'''

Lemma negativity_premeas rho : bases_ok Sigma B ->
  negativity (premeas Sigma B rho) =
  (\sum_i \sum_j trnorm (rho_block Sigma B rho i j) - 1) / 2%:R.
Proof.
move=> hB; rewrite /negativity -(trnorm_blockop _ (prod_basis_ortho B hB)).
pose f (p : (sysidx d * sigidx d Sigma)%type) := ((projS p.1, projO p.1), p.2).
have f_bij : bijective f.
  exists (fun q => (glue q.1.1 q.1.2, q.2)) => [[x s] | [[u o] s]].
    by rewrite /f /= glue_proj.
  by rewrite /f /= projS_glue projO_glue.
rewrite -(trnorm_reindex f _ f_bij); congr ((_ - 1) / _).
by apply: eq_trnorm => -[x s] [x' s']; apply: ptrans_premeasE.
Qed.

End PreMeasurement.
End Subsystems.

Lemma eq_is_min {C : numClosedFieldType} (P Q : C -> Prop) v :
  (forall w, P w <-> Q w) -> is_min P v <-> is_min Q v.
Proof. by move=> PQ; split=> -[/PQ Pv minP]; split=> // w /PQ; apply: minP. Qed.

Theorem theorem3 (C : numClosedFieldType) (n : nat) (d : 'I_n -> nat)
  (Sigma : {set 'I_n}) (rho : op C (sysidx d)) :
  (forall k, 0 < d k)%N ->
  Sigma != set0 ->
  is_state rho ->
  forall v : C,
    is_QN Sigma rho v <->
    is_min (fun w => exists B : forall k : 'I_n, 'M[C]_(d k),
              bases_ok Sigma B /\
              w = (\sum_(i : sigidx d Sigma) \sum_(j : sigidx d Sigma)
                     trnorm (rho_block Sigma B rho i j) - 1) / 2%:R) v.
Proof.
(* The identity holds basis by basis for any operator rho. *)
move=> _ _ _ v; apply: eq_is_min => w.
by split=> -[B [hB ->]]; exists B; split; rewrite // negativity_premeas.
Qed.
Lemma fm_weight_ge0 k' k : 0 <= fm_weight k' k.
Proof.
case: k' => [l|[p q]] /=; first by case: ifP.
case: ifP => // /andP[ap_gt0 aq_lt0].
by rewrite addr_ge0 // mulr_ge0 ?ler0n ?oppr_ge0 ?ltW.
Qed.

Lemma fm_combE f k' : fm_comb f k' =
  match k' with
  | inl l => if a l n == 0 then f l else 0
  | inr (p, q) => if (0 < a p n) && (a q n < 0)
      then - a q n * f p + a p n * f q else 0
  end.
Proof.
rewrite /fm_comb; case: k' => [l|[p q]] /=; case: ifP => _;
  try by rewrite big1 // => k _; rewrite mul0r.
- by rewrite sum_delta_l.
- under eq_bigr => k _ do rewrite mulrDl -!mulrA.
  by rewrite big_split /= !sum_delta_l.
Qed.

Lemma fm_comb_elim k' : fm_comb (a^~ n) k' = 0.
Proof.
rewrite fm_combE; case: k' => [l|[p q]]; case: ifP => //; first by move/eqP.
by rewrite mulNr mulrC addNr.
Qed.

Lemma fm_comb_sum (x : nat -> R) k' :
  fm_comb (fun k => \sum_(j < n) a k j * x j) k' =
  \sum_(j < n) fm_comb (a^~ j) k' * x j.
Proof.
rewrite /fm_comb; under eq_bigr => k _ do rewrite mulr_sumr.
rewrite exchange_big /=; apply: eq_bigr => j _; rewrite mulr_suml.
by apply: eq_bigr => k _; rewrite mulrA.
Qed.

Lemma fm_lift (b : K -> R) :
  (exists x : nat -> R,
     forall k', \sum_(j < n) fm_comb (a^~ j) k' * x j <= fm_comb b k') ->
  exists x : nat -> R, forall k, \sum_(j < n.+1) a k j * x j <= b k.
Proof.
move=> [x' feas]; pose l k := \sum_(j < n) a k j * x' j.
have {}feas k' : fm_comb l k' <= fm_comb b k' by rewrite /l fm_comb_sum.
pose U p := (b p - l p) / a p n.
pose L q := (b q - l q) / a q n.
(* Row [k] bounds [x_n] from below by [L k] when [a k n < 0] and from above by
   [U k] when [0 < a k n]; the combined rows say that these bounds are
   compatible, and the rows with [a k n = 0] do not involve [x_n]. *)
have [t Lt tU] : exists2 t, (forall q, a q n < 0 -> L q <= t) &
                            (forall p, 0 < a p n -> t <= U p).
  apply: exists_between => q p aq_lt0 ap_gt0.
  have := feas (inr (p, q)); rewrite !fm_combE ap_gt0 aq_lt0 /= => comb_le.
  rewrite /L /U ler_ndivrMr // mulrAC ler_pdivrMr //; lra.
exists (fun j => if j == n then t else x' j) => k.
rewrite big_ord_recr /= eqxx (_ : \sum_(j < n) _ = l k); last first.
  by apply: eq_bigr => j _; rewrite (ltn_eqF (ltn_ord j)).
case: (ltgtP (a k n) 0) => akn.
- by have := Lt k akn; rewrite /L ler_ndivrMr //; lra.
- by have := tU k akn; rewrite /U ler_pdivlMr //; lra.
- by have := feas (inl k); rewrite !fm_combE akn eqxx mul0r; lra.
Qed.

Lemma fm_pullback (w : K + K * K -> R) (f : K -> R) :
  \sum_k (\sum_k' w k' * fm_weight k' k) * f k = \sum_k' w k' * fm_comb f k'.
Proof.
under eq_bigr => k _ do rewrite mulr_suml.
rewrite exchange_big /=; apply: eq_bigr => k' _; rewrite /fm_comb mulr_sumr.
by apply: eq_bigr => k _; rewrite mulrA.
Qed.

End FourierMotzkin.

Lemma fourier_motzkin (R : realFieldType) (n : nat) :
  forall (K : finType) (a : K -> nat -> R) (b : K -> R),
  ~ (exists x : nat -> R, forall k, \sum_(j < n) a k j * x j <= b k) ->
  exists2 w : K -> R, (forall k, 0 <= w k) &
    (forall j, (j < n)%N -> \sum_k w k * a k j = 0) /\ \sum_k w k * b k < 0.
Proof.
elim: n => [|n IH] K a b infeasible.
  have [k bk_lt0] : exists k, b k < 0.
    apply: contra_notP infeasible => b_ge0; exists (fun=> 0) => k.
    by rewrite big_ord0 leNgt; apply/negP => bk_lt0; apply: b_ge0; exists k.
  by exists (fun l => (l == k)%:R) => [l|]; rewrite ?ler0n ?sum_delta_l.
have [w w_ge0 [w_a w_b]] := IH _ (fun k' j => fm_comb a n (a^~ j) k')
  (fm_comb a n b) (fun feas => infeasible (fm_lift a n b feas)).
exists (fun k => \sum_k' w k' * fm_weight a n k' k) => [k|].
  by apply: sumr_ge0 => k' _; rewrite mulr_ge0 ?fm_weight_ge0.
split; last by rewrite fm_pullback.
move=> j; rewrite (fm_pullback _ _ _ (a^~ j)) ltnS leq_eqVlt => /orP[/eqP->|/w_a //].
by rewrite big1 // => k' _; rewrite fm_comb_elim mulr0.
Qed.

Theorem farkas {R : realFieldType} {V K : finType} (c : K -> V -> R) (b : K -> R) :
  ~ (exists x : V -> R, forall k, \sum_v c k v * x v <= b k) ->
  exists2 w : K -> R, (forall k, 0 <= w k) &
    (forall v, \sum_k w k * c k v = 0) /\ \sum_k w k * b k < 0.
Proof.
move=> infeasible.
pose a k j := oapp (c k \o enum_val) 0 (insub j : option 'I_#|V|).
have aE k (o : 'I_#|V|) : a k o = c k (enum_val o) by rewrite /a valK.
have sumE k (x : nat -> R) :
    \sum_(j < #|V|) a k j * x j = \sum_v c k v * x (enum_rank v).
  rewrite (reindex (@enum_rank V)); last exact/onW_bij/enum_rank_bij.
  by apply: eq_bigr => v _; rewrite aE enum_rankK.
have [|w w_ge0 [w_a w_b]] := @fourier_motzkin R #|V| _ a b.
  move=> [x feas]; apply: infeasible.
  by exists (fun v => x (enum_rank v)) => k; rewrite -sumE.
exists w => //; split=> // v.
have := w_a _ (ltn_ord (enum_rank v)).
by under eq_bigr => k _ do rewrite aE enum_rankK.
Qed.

'''

Exercise instructions
Search the entries for the string "with". Copy every line that has it.

Result of the task
  match k' with
   compatible, and the rows with [a k n = 0] do not involve [x_n]. *)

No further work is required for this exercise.